It died where it lived, among the blossoms and leaves of our garden.  It’s a thrill to be so close to such a small delicate thing that normally speeds around the garden in a blur, faster than our human eyes and minds can process.  What an honor to find it yet we both know the hummingbird is gone and the crude shell is left.

I didn’t dissuade her from inspecting it, wondering, processing a tangible lack of life in one of the garden’s liveliest residents.  We squatted down together and looked at the iridescent green chain mail, the delicate long beak, the outstretched wing better than you could ever engineer.  The next day she came back to it again to look, not sad, not afraid, but curious.  At the end of my life I hope I have that same childlike curiosity about the next stage of existence, when the being is gone and the body remains.

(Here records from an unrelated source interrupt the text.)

(* There exists a constant $\delta>0$ depending on the modulus of convexity $m$ of $u$ such that $B_\delta(0)\subset \mathcal{P}(B_R)$. Explicitly, one may take $\delta = \min\left\{ \frac{m_0}{2|Du|_{\partial B_R}},\ \frac{m_0}{2R}\right\}$, where $m_0:=\inf_{\partial B_R}u \geq m(R)$.
   Context: Let $u\in C^4(B_R(0))$ be a convex solution of the Monge-Ampère equation $\det D^2u = f$ in $B_R(0)\subset\mathbb{R}^2$, with $u(0)=0$, $Du(0)=0$, and $0<C_0^{-1}\leq f\leq C_0$. In dimension two such a solution is strictly convex (Aleksandrov, Heinz). Define the injective map $\mathcal{P}: B_R\to\mathbb{R}^2$ by $\mathcal{P}(x)=(u_{x_1}(x), x_2)$ (the coordinate change associated with the partial Legendre transform $u^*(y_1,y_2)=\sup_{x_1}\{x_1y_1-u(x_1,y_2)\}$ in the $e_1$-direction). The modulus of convexity of $u$ is $m(t)=\inf\{u(x)-\ell_z(x): |x-z|>t\}$ for $t>0$, where $\ell_z$ is the supporting function of $u$ at $z$; $m$ is positive by strict convexity. $|Du|_{\partial B_R}$ denotes $\sup_{\partial B_R}|Du|$. *)

From Stdlib Require Import Reals Lra.
From Coquelicot Require Import Coquelicot.
Open Scope R_scope.

Definition pt := (R * R)%type.

Definition enorm (x : pt) : R := sqrt (fst x ^ 2 + snd x ^ 2).

Definition in_ball (r : R) (x : pt) : Prop := fst x ^ 2 + snd x ^ 2 < r ^ 2.
Definition on_sphere (r : R) (x : pt) : Prop := fst x ^ 2 + snd x ^ 2 = r ^ 2.

Definition pd1 (f : pt -> R) (x : pt) : R := Derive (fun t => f (t, snd x)) (fst x).
Definition pd2 (f : pt -> R) (x : pt) : R := Derive (fun t => f (fst x, t)) (snd x).

Fixpoint Ck (k : nat) (U : pt -> Prop) (f : pt -> R) : Prop :=
  match k with
  | O => forall x, U x -> continuous f x
  | S k' => (forall x, U x -> continuous f x) /\
            (forall x, U x -> ex_derive (fun t => f (t, snd x)) (fst x)
                           /\ ex_derive (fun t => f (fst x, t)) (snd x)) /\
            Ck k' U (pd1 f) /\ Ck k' U (pd2 f)
  end.
Lemma coef_cop_ge0 m s : m != rob -> 0 <= coef 0 m s.
Proof.
move=> mrob; rewrite /coef is_robE (negbTE mrob) /Rdiv.
case: ifP => _; first exact: inv_INR_ge0.
case: ifP => _; last by rewrite Rmult_0_l; apply: Rle_refl.
by rewrite Rminus_0_r Rmult_1_l; apply: inv_INR_ge0.
Qed.

Lemma coef_cop_off m s : m != rob -> ~~ on_rob s m -> coef 0 m s = 0.
Proof.
move=> mrob m_off; have := card_cops_on_rob_lt mrob m_off.
rewrite /coef is_robE (negbTE mrob) (negbTE m_off) /Rdiv Rmult_0_l.
by case: eqP => // ->; rewrite ltnn.
Qed.

Lemma coef_rob eps s : coef eps rob s = -1.
Proof. by rewrite /coef is_robE eqxx. Qed.

Lemma payoff_rob_capture1 gamma eps sig s : ~~ captured s ->
  captured (state_at sig s 1) -> payoff gamma eps rob sig s = - gamma.
Proof.
move=> s_nc c1; case: (payoffP gamma eps rob sig s) => [[_ /(_ 1%N)]|[t [ct [pre ->]]]].
  by rewrite c1.
case: t ct pre => [|[|t]] ct pre; first by rewrite (negbTE s_nc) in ct.
  by rewrite coef_rob /=; ring.
by have := pre 1%N isT; rewrite c1.
Qed.

Lemma payoff_rob_gt gamma eps sig s : 0 < gamma < 1 -> ~~ captured s ->
  ~~ captured (state_at sig s 1) -> - gamma < payoff gamma eps rob sig s.
Proof.
move=> [g0 g1] s_nc nc1.
case: (payoffP gamma eps rob sig s) => [[-> _]|[t [ct [pre ->]]]]; first lra.
case: t ct pre => [|[|t]] ct pre; first by rewrite (negbTE s_nc) in ct.
  by rewrite ct in nc1.
have [_ lt1] := pow_lt_1_compat gamma t.+1 (conj (Rlt_le _ _ g0) g1) (Nat.lt_0_succ t).
by rewrite coef_rob (_ : gamma ^ t.+2 = gamma * gamma ^ t.+1) //; nra.
Qed.

End Payoffs.

Section Sacrifice.
Variables (V : finType) (e : rel V) (n : nat) (gamma M : R).
Notation S := (state V n.+1).
Notation rob := (@ord_max n).
Hypotheses (gamma_gt0 : 0 < gamma) (gamma_lt1 : gamma < 1) (M_ge0 : 0 <= M).
Hypothesis coef_bounded : forall m (s : S), - M <= coef 0 m s <= M.
Variables (ss : S) (j m0 : 'I_n.+1).
Hypothesis ss_sacrifice : sacrifice_state e ss j m0.

Definition sacrifice_choice (m k : 'I_n.+1) (s : S) : V :=
  if [&& m == m0, k == rob & s == ss] then pos ss j
  else best_reply e 0 m (game_value e gamma 0 m M) s.
(* In the screening cohort model described in the context, for a screening policy $h\in\{S,NS\}^J$, the expected total number of life years left $T_h$ of the cohort, measured at the beginning, is $$ \mathbb{E} T_h = \sum_{j=2}^J 2N_j + \sum_{j=1}^J \left[\lambda_{j,-1}(1)\,\mu_{j,h}(-1) + \sum_{k=0}^K \mu_{j,h}(k)\,\mathbb{E} T_{j,k}\right]N_j, $$ where $\mathbb{E} T_{j,k} = \sum_{t=0}^\infty t\,\lambda_{j,k}(t)$.
   Context: Model of a cohort of women undergoing (biennial) breast cancer screening. Age groups (screening rounds, two years apart) are indexed by $j=1,\dots,J$. A policy is $h=[h(1),\dots,h(J)]\in\{S,NS\}^J$, where $h(j)=S$ means age group $j$ is screened and $NS$ means not screened. At round $j$, an individual's observed state is a random variable $X_{j,h}\in\{-1,0,1,\dots,K\}$, where $-1$ means no breast cancer diagnosed and $k=0,\dots,K$ are diagnosed cancer stages; its distribution $\mu_{j,h}(k)=P(X_{j,h}=k)$ depends only on $j$ and $h(j)$ (not on the individual). For an individual of age group $j$ in state $k$, the time to death (in years, a nonnegative integer) is $T_{j,k}$ with distribution $\lambda_{j,k}(t)=P(T_{j,k}=t)$, independent of the individual. $T_j$ denotes the time to death of an individual at age group $j$ regardless of state, with $P(T_j=t)=\sum_{k=-1}^K \lambda_{j,k}(t)\mu_{j,h}(k)$. Individuals leave the screening population when they die or are diagnosed with breast cancer. The cohort starts with $N_1=N_0$ individuals, and the number invited at round $j+1$ is $N_{j+1}=N_j\big(1-P(T_j\in\{0,1\})-P(T_j\ge 2, X_{j,h}\ne -1)\big)$. Life-year accounting: each individual present at round $j\ge 2$ contributes the two years lived between rounds $j-1$ and $j$; at round $j$, an undiagnosed individual (state $-1$) who lives only one more year contributes one year; an individual diagnosed at round $j$ in stage $k\ge 0$ contributes $T_{j,k}$ further years. $T_h$ denotes the total number of life years of the cohort counted in this way under policy $h$. *)

From HB Require Import structures.
From mathcomp Require Import all_boot all_order all_algebra.
From mathcomp Require Import all_classical all_reals all_analysis.
Set Implicit Arguments. Unset Strict Implicit. Unset Printing Implicit Defensive.
Import Order.TTheory GRing.Theory Num.Theory.
Local Open Scope ring_scope.

(* Observed state at a round: None = -1 (no cancer diagnosed),
   Some k = diagnosed stage k, k = 0..K. *)
Definition state (K : nat) := option 'I_K.+1.

(* A policy h : nat -> bool, h j = true means S (screened), false means NS.
   mu j b x = P(X_{j,h} = x) when h j = b.
   lam j x t = P(T_{j,x} = t). *)
Section Model.
Variables (R : realType) (K : nat).
Variables (mu : nat -> bool -> state K -> R) (lam : nat -> state K -> nat -> R).
Variables (h : nat -> bool).

Definition P_T01 (j : nat) : R :=
  \sum_(x : state K) mu j (h j) x * (lam j x 0%N + lam j x 1%N).

Definition P_T2_diag (j : nat) : R :=
  fine (\sum_(k < K.+1) ((mu j (h j) (Some k))%:E *
          \sum_(2 <= t <oo) (lam j (Some k) t)%:E))%E.

(* cohortN N0 n = N_{n+1} *)
Fixpoint cohortN (N0 : R) (n : nat) : R :=
  match n with
  | 0%N => N0
  | n'.+1 => cohortN N0 n' * (1 - P_T01 n'.+1 - P_T2_diag n'.+1)
  end.

(* N_j, for j >= 1 *)
Definition N (N0 : R) (j : nat) : R := cohortN N0 j.-1.

Definition ET (j : nat) (k : 'I_K.+1) : \bar R :=
  (\sum_(0 <= t <oo) ((t%:R * lam j (Some k) t)%:E))%E.

(* Life years contributed at round j by an individual present at round j,
   in state x, whose time to death is t. *)
Definition contrib (j : nat) (x : state K) (t : nat) : R :=
  (if (2 <= j)%N then 2 else 0) +
  match x with
  | None => if t == 1%N then 1 else 0
  | Some _ => t%:R
  end.

(* Expected total life years E T_h: each of the N_j individuals present
   at round j contributes contrib j X T in expectation, where
   P(X = x, T = t) = mu(x) lam_x(t). *)
Definition ET_h (N0 : R) (J : nat) : \bar R :=
  (\sum_(1 <= j < J.+1)
     (N N0 j)%:E *
     \sum_(x : state K) \sum_(0 <= t <oo)
        ((contrib j x t * (mu j (h j) x * lam j x t))%:E))%E.

End Model.

(* An individual present at round j, in state X and with time
   to death T, contributes [contrib j X T] life years, and there are N_j such
   individuals.  Hence E T_h is the sum over j of N_j times the expectation of
   [contrib j X T] under the joint law mu_j(x) lam_{j,x}(t).  Since mu_j and
   every lam_{j,x} are probability distributions, the constant part (2 years
   for j >= 2) of that expectation integrates to itself, the undiagnosed state
   only charges t = 1, and a diagnosed state k charges E T_{j,k}. *)
From HB Require Import structures.
From mathcomp Require Import all_boot all_order all_algebra.
From mathcomp Require Import all_classical all_reals all_analysis.
Import Order.TTheory GRing.Theory Num.Theory.
Local Open Scope ring_scope.
Local Open Scope ereal_scope.

Lemma big_option (T : finType) (R : Type) (idx : R)
    (op : Monoid.com_law idx) (F : option T -> R) :
  \big[op/idx]_(x : option T) F x = op (F None) (\big[op/idx]_(t : T) F (Some t)).
Proof.
rewrite (bigD1 None) //=; congr (op _ _).
rewrite (reindex_omap Some id) /=; last by case.
by apply: eq_bigl => t; rewrite eqxx.
Qed.

Lemma nneseries_indicator (R : realType) (n : nat) (g : nat -> R) :
  (forall t, (0 <= g t)%R) ->
  \sum_(0 <= t <oo) ((if t == n then 1 else 0) * g t)%:E = (g n)%:E.
Proof.
move=> g_ge0.
rewrite (@nneseriesD1 _ _ n) //; last first.
  by move=> t _; rewrite lee_fin; case: ifP; rewrite ?mul1r ?mul0r.
rewrite eqxx mul1r eseries0 ?adde0 // => t _ /negbTE ->.
by rewrite mul0r.
Qed.

Lemma nneseries_mean_addl (R : realType) (c : R) (f p : nat -> R) :
  (0 <= c)%R -> (forall t, 0 <= f t)%R -> (forall t, 0 <= p t)%R ->
  \sum_(0 <= t <oo) (p t)%:E = 1 ->
  \sum_(0 <= t <oo) ((c + f t) * p t)%:E =
  c%:E + \sum_(0 <= t <oo) (f t * p t)%:E.
Proof.
move=> c_ge0 f_ge0 p_ge0 p_sum1.
under eq_eseriesr do rewrite mulrDl EFinD EFinM.
rewrite nneseriesD; last 2 first.
- by move=> t _ _; rewrite -EFinM lee_fin mulr_ge0.
- by move=> t _ _; rewrite lee_fin mulr_ge0.
by rewrite nneseriesZl ?p_sum1 ?mule1 // => t _; rewrite lee_fin.
Qed.

Section ExpectedContribution.
Variables (R : realType) (K : nat).
Variables (mu : nat -> bool -> state K -> R) (lam : nat -> state K -> nat -> R).

Definition years_from_round (x : state K) (t : nat) : R :=
  (match x with None => if t == 1%N then 1 else 0 | Some _ => t%:R end)%R.

Lemma contribE j x t :
  contrib R j x t = ((if (2 <= j)%N then 2 else 0) + years_from_round x t)%R.
Proof. by []. Qed.

Lemma years_from_round_ge0 x t : (0 <= years_from_round x t)%R.
Proof. by case: x => [?|] /=; [|case: ifP]. Qed.

Lemma expected_contrib (j : nat) (b : bool) :
  (forall x, 0 <= mu j b x)%R -> (\sum_x mu j b x = 1)%R ->
  (forall x t, 0 <= lam j x t)%R ->
  (forall x, \sum_(0 <= t <oo) (lam j x t)%:E = 1) ->
  \sum_(x : state K) \sum_(0 <= t <oo) (contrib R j x t * (mu j b x * lam j x t))%:E
  = (if (2 <= j)%N then 2 else 0)%:E +
    ((lam j None 1%N * mu j b None)%:E +
     \sum_(k < K.+1) (mu j b (Some k))%:E * ET lam j k).
Proof.
move=> mu_ge0 mu_sum1 lam_ge0 lam_sum1.
set c : R := (if (2 <= j)%N then 2 else 0)%R.
have c_ge0 : (0 <= c)%R by rewrite /c; case: ifP.
have per_state x :
    \sum_(0 <= t <oo) (contrib R j x t * (mu j b x * lam j x t))%:E =
    (c * mu j b x)%:E +
    (mu j b x)%:E * \sum_(0 <= t <oo) (years_from_round x t * lam j x t)%:E.
  under eq_eseriesr do rewrite mulrCA EFinM contribE -/c.
  rewrite nneseriesZl => [|t _]; last first.
    by rewrite lee_fin mulr_ge0 ?addr_ge0 ?years_from_round_ge0.
  rewrite nneseries_mean_addl //; last exact: years_from_round_ge0.
  by rewrite muleDr // -EFinM mulrC.
rewrite (eq_bigr _ (fun x _ => per_state x)) big_split /= sumEFin -mulr_sumr.
rewrite mu_sum1 mulr1 big_option; congr (_ + (_ + _)).
by rewrite (@nneseries_indicator _ 1%N (lam j None)) // -EFinM mulrC.
Qed.

End ExpectedContribution.

Local Close Scope ereal_scope.

Theorem proposition1 (R : realType) (J K : nat)
  (mu : nat -> bool -> option 'I_K.+1 -> R)
  (lam : nat -> option 'I_K.+1 -> nat -> R)
  (h : nat -> bool) (N0 : R) :
  0 <= N0 ->
  (forall j b x, (1 <= j <= J)%N -> 0 <= mu j b x) ->
  (forall j b, (1 <= j <= J)%N -> \sum_(x : option 'I_K.+1) mu j b x = 1) ->
  (forall j x t, (1 <= j <= J)%N -> 0 <= lam j x t) ->
  (forall j x, (1 <= j <= J)%N ->
     (\sum_(0 <= t <oo) (lam j x t)%:E = 1%:E)%E) ->
  ET_h mu lam h N0 J =
  (\sum_(2 <= j < J.+1) (2 * N mu lam h N0 j)%:E +
   \sum_(1 <= j < J.+1)
     (((lam j None 1%N * mu j (h j) None)%:E +
       \sum_(k < K.+1) (mu j (h j) (Some k))%:E * ET lam j k) *
      (N mu lam h N0 j)%:E))%E.
Proof.
move=> _ mu_ge0 mu_sum1 lam_ge0 lam_sum1.
rewrite /ET_h.
transitivity (\sum_(1 <= j < J.+1)
   ((N mu lam h N0 j * (if (2 <= j)%N then 2 else 0))%:E +
    ((lam j None 1%N * mu j (h j) None)%:E +
       \sum_(k < K.+1) (mu j (h j) (Some k))%:E * ET lam j k) *
      (N mu lam h N0 j)%:E))%E.
  apply: eq_big_nat => j /andP[j_ge1 j_leJ].
  have j_range : (1 <= j <= J)%N by rewrite j_ge1 -ltnS.
  rewrite expected_contrib; first by rewrite muleDr // -EFinM muleC.
  - by move=> x; apply: mu_ge0.
  - exact: mu_sum1.
  - by move=> x t; apply: lam_ge0.
  - by move=> x; apply: lam_sum1.
rewrite big_split /=; congr (_ + _)%E.
case: J {mu_ge0 mu_sum1 lam_ge0 lam_sum1} => [|J]; first by rewrite !big_geq.
rewrite big_ltn // /= mulr0 add0e.
by apply: eq_big_nat => j /andP[-> _]; rewrite mulrC.
Qed.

Just a few feet away the beans we planted were pushing out of the soil in an infant’s stretch, soon to be leggy and leafy.  From inanimate beans to living, breathing plants.  Who can understand such questions of life and death?  How is a child’s mind any less able to process what makes the hummingbird dead and the plant alive?  We spend time in the garden and see both, enjoying company and the mysteries of the universe.

  1. This is simply beautiful Peter. And what a lesson for CH.

  2. Babs said:

    Sometimes, it’s the children who seem to have the best perspective on living and dying. As adults, we become too entangled in reality to be able to truly understand the meaning of it all.